This is the mail archive of the
mailing list for the GCC project.
Re: [PATCH] Optimize x*x*x*x*x*x using 3 multiplications.
- From: Laurent GUERBY <guerby at acm dot org>
- To: Geoff Keating <geoffk at geoffk dot org>
- Cc: Robert Dewar <dewar at gnat dot com>, gcc at gcc dot gnu dot org
- Date: Fri, 01 Aug 2003 23:40:45 +0200
- Subject: Re: [PATCH] Optimize x*x*x*x*x*x using 3 multiplications.
- References: <20030801041740.88506F2E2E@nile.gnat.com> <firstname.lastname@example.org>
- Reply-to: guerby at acm dot org
On Fri, 2003-08-01 at 21:33, Geoff Keating wrote:
> email@example.com (Robert Dewar) writes:
> > > Optimize x*x*x*x*x*x using 3 multiplications.
> > It is interesting to note that in general this kind of optimization decreases
> > accuracy (it is more accurate to do the full 5 multiplications). Nevertheless
> > it is probably reasonable. In Ada 83, this optimization is in fact not
> > permitted, since it is not guaranteed to have sufficient accuracy. Ada 95
> > deliberately relaxed this accuracy rule to allow this kind of optimization.
> We can model a floating-point multiplication '*' of two values, x and y,
> as computing
> x y (1 + e) < x * y < x y (1 - e)
> where 'e' is 1/2 ulp, that is 2^-24 for single-precision IIRC.
> So, if we're computing x*x*x*x from left-to-right, we get:
> x x (1 + e) < x * x < x x (1 - e)
> x x (1 + e) x (1 + e) < (x * x) * x < x x (1 - e) x (1 - e)

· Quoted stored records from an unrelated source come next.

(* trace ((f f^T)^2) = trace ((f^T f)^2). *)
Lemma gram_trace_sqr :
  \sum_(i in A) \sum_(i' in A) (\sum_(j in B) f i j * f i' j) ^+ 2 =
  \sum_(j in B) \sum_(j' in B) (\sum_(i in A) f i j * f i j') ^+ 2.
Proof.
under eq_bigr => i _ do under eq_bigr => i' _ do rewrite sqr_sum.
under [RHS]eq_bigr => j _ do under eq_bigr => j' _ do rewrite sqr_sum.
under eq_bigr => i _ do rewrite exchange_big.
under eq_bigr => i _ do under eq_bigr => j _ do rewrite exchange_big.
rewrite exchange_big; under eq_bigr => j _ do rewrite exchange_big.
by do 4!apply: eq_bigr => ? _; ring.
Qed.

Lemma gram_total :
  \sum_(i in A) \sum_(i' in A) \sum_(j in B) f i j * f i' j =
  \sum_(j in B) (\sum_(i in A) f i j) ^+ 2.
Proof.
under [RHS]eq_bigr => j _ do rewrite sqr_sum.
by rewrite [RHS]exchange_big; apply: eq_bigr => i _; rewrite [RHS]exchange_big.
Qed.

End GramSums.

Section Counting.
Variables (R : nzRingType) (T : finType) (e : rel T).

Lemma card_set_sum (A : {set T}) (p : pred T) :
  (#|[set x in A | p x]|%:R : R) = \sum_(x in A) (p x)%:R.
Proof.
rewrite -sum1_card natr_sum (eq_bigl (fun x => (x \in A) && p x)) => [|x]; last first.
  by rewrite inE.
by rewrite big_mkcondr; apply: eq_bigr => x _; case: (p x).
Qed.

Lemma card_common_nbhd (A : {set T}) (x y : T) :
  (#|nbhd_in e A x :&: nbhd_in e A y|%:R : R) = \sum_(z in A) (e x z && e y z)%:R.
Proof.
rewrite -card_set_sum; congr (_%:R); apply: eq_card => z.
by rewrite !inE andbACA andbb.
Qed.

Lemma card_nbhd (A : {set T}) (x : T) :
  (#|nbhd_in e A x|%:R : R) = \sum_(z in A) (e x z)%:R.
Proof.
by rewrite -[nbhd_in e A x]setIid card_common_nbhd; apply: eq_bigr => z _; rewrite andbb.
Qed.

Lemma natr_andb (a b : bool) : (a%:R * b%:R : R) = (a && b)%:R.
Proof. by case: a; case: b; rewrite /= ?mul1r ?mul0r. Qed.

Lemma sum_over_vertices (F : T -> R) :
  \sum_(i < #|T|) F (enum_val i) = \sum_(z in [set: T]) F z.
Proof. by rewrite -big_enum_val; apply: eq_bigl => z; rewrite !inE. Qed.

Lemma sum_setT_split (C : {set T}) (F : T -> R) :
  \sum_(x in [set: T]) F x = \sum_(x in C) F x + \sum_(x in ~: C) F x.
Proof. by rewrite (big_setID C) setTI setTD. Qed.

End Counting.

Section SrgSpectrum.
Variables (R : fieldType) (T : finType) (e : rel T) (v k lam mu : nat).
Hypothesis srgE : srg e v k lam mu.
Let A := adjmx R e.

Lemma adjmx_sqr :
  A *m A = k%:R%:M + lam%:R *: A + mu%:R *: (const_mx 1 - 1%:M - A).
Proof.
case: srgE => [[esym eirr]] _ regk adjl nadjm.
apply/matrixP => i j; rewrite !mxE.
have -> : \sum_(l < #|T|) A i l * A l j =
    #|nbhd_in e setT (enum_val i) :&: nbhd_in e setT (enum_val j)|%:R.
  rewrite card_common_nbhd -sum_over_vertices; apply: eq_bigr => l _.
  by rewrite !mxE (esym (enum_val l)) natr_andb.
have [<-|neq] := eqVneq i j; first by rewrite setIid regk (negbTE (eirr _)) /=; ring.
have nxy : enum_val i != enum_val j by apply: contra neq => /eqP /enum_val_inj ->.
case exy: (e (enum_val i) (enum_val j)).
  by rewrite adjl //=; ring.
by rewrite nadjm ?exy //=; ring.
Qed.

Lemma adjmx_const1 : A *m (const_mx 1 : 'M_#|T|) = k%:R *: const_mx 1.
Proof.
case: srgE => _ _ regk _ _.
apply/matrixP => i j; rewrite !mxE mulr1 -(regk (enum_val i)) card_nbhd.
by rewrite -sum_over_vertices; apply: eq_bigr => l _; rewrite !mxE mulr1.
Qed.

Lemma srg_eigenvalue_root (a : R) :
  eigenvalue A a -> a != k%:R ->
  a ^+ 2 - (lam%:R - mu%:R) * a - (k%:R - mu%:R) = 0.
Proof.
move=> /eigenvalueP [u hu un0] ak.
have uJ0 : u *m (const_mx 1 : 'M_#|T|) = 0.
  have : a *: (u *m const_mx 1) = k%:R *: (u *m (const_mx 1 : 'M_#|T|)).
    by rewrite scalemxAl -hu -mulmxA adjmx_const1 scalemxAr.
  by move/eqP; rewrite -subr_eq0 -scalerBl scaler_eq0 subr_eq0 (negbTE ak) => /eqP.
have := congr1 (mulmx^~ A) hu.
rewrite -mulmxA adjmx_sqr -scalemxAl hu !mulmxDr -!scalemxAr !mulmxBr.
rewrite mul_mx_scalar hu uJ0 mulmx1 => /eqP; rewrite -subr_eq0.
have -> : k%:R *: u + lam%:R *: (a *: u) + mu%:R *: (0 - u - a *: u) - a *: (a *: u)
   = - ((a ^+ 2 - (lam%:R - mu%:R) * a - (k%:R - mu%:R)) *: u).
  by apply/rowP => j; rewrite !mxE; ring.
by rewrite oppr_eq0 scaler_eq0 (negbTE un0) orbF => /eqP.
Qed.

End SrgSpectrum.

Lemma srg_symmetric_spectrum (R : realFieldType) (T : finType) (e : rel T)
    (v k lam mu : nat) (t : R) :
  srg e v k lam mu -> srg_spectrum e k%:R t (- t) -> 0 < t -> t < k%:R ->
  lam = mu /\ (mu%:R : R) = k%:R - t ^+ 2.
Proof.
move=> srgE spec t_gt0 t_lt_k.
have rt : t ^+ 2 - (lam%:R - mu%:R) * t - (k%:R - mu%:R) = 0.
  by apply: (srg_eigenvalue_root srgE); [apply/spec; right; left | rewrite lt_eqF].
have rs : (- t) ^+ 2 - (lam%:R - mu%:R) * - t - (k%:R - mu%:R) = 0.
  apply: (srg_eigenvalue_root srgE); first by apply/spec; right; right.
  by rewrite lt_eqF // (lt_trans _ t_lt_k) // gtrN.
have /eqP : (lam%:R - mu%:R : R) * (t + t) = 0.
  have -> : (lam%:R - mu%:R : R) * (t + t) =
      ((- t) ^+ 2 - (lam%:R - mu%:R) * - t - (k%:R - mu%:R))
      - (t ^+ 2 - (lam%:R - mu%:R) * t - (k%:R - mu%:R)) by ring.
  by rewrite rt rs subrr.
rewrite mulf_eq0 (gt_eqF (addr_gt0 t_gt0 t_gt0)) orbF subr_eq0 eqr_nat => /eqP lm.
by split=> //; rewrite -[RHS]addr0 -rt lm; ring.
Qed.

Lemma sum_kronecker (R : nzRingType) (T : finType) (X : {set T}) (a b : R) z :
  z \in X -> \sum_(z' in X) (if z == z' then a else b) = a + (#|X|%:R - 1) * b.
Proof.
move=> zX; rewrite (big_setD1 z zX) eqxx (eq_bigr (fun _ => b)); last first.
  by move=> z'; rewrite !inE => /andP [nz _]; rewrite eq_sym (negbTE nz).
by rewrite sumr_const (cardsD1 z X) zX add1n mulrSr addrK mulr_natl.
Qed.

Lemma sum_by_blocks (R : nzRingType) (T : finType) (X : {set T})
    (P : {set {set T}}) (n : nat) (a b c : R) x :
  partition P X -> (forall B, B \in P -> #|B| = n) -> x \in X ->
  \sum_(y in X) (if x == y then a else if pblock P x == pblock P y then b else c)
  = a + (n%:R - 1) * b + (#|X|%:R - n%:R) * c.
Proof.
move=> /and3P [/eqP cov triv _] sizeP xX.
have xP : x \in cover P by rewrite cov.
have Bx := pblock_mem xP.
have xBx : x \in pblock P x by rewrite mem_pblock.
have BxX : pblock P x \subset X by rewrite -cov; apply: bigcup_sup Bx.
have out : \sum_(y in X :\: pblock P x)
    (if x == y then a else if pblock P x == pblock P y then b else c)
    = \sum_(y in X :\: pblock P x) c.
  apply: eq_bigr => y; rewrite !inE => /andP [yBx _].
  have xy : x != y by apply: contraNneq yBx => <-.
  by rewrite (negbTE xy) (eq_pblock _ triv xP) (negbTE yBx).
have inside : \sum_(y in pblock P x :\ x)
    (if x == y then a else if pblock P x == pblock P y then b else c)
    = \sum_(y in pblock P x :\ x) b.
  apply: eq_bigr => y; rewrite !inE => /andP [nyx yB].
  by rewrite eq_sym (negbTE nyx) (eq_pblock _ triv xP) yB.
rewrite (big_setID (pblock P x)) /= out (setIidPr BxX).
rewrite (big_setD1 x xBx) eqxx /= inside !sumr_const; congr (_ + _ + _).
  by rewrite -(sizeP _ Bx) (cardsD1 x (pblock P x)) xBx add1n mulrSr addrK mulr_natl.
rewrite cardsD (setIidPr BxX) (sizeP _ Bx) -natrB ?mulr_natl //.
by rewrite -(sizeP _ Bx) subset_leq_card.
Qed.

> x x (1 + e) x (1 + e) x (1 + e)
> < ((x * x) * x) * x
> < x x (1 - e) x (1 - e) x (1 - e)
> If we compute it as (x * x) * (x * x), we get
> x x (1 + e) x x (1 + e) (1 + e)
> < (x * x) * (x * x)
> < x x (1 - e) x x (1 - e) (1 - e)
> which, since real arithmetic is associative, is exactly the same as
> the previous answer.
You've just showed that a simple error analysis gives the same
error bounds, Robert is likely to reference more advanced (understand
really ugly :) analysis, where all the "e" terms are not blindly set to
the same value for all the domain and their relative value carefully
If you compute 14^4 using perfectly rounded 2 digit base 10
multiplication, you get the following:
repeated squaring gives 40e3 (14*14=196=>20e1, 20e1*20e1=40e3
sequential multiplication gives 39e3 (20e1*14=28e2, 28e2*14=392e2=>39e3)
The correctly rounded result is 38416=>38e3, so sequential
multiplication is more accurate here.
This small computation proves nothing general of course but you see the
first multiplication error gets amplified more by squaring seemingly
accordingly to Robert next email proposed intuitive reason :).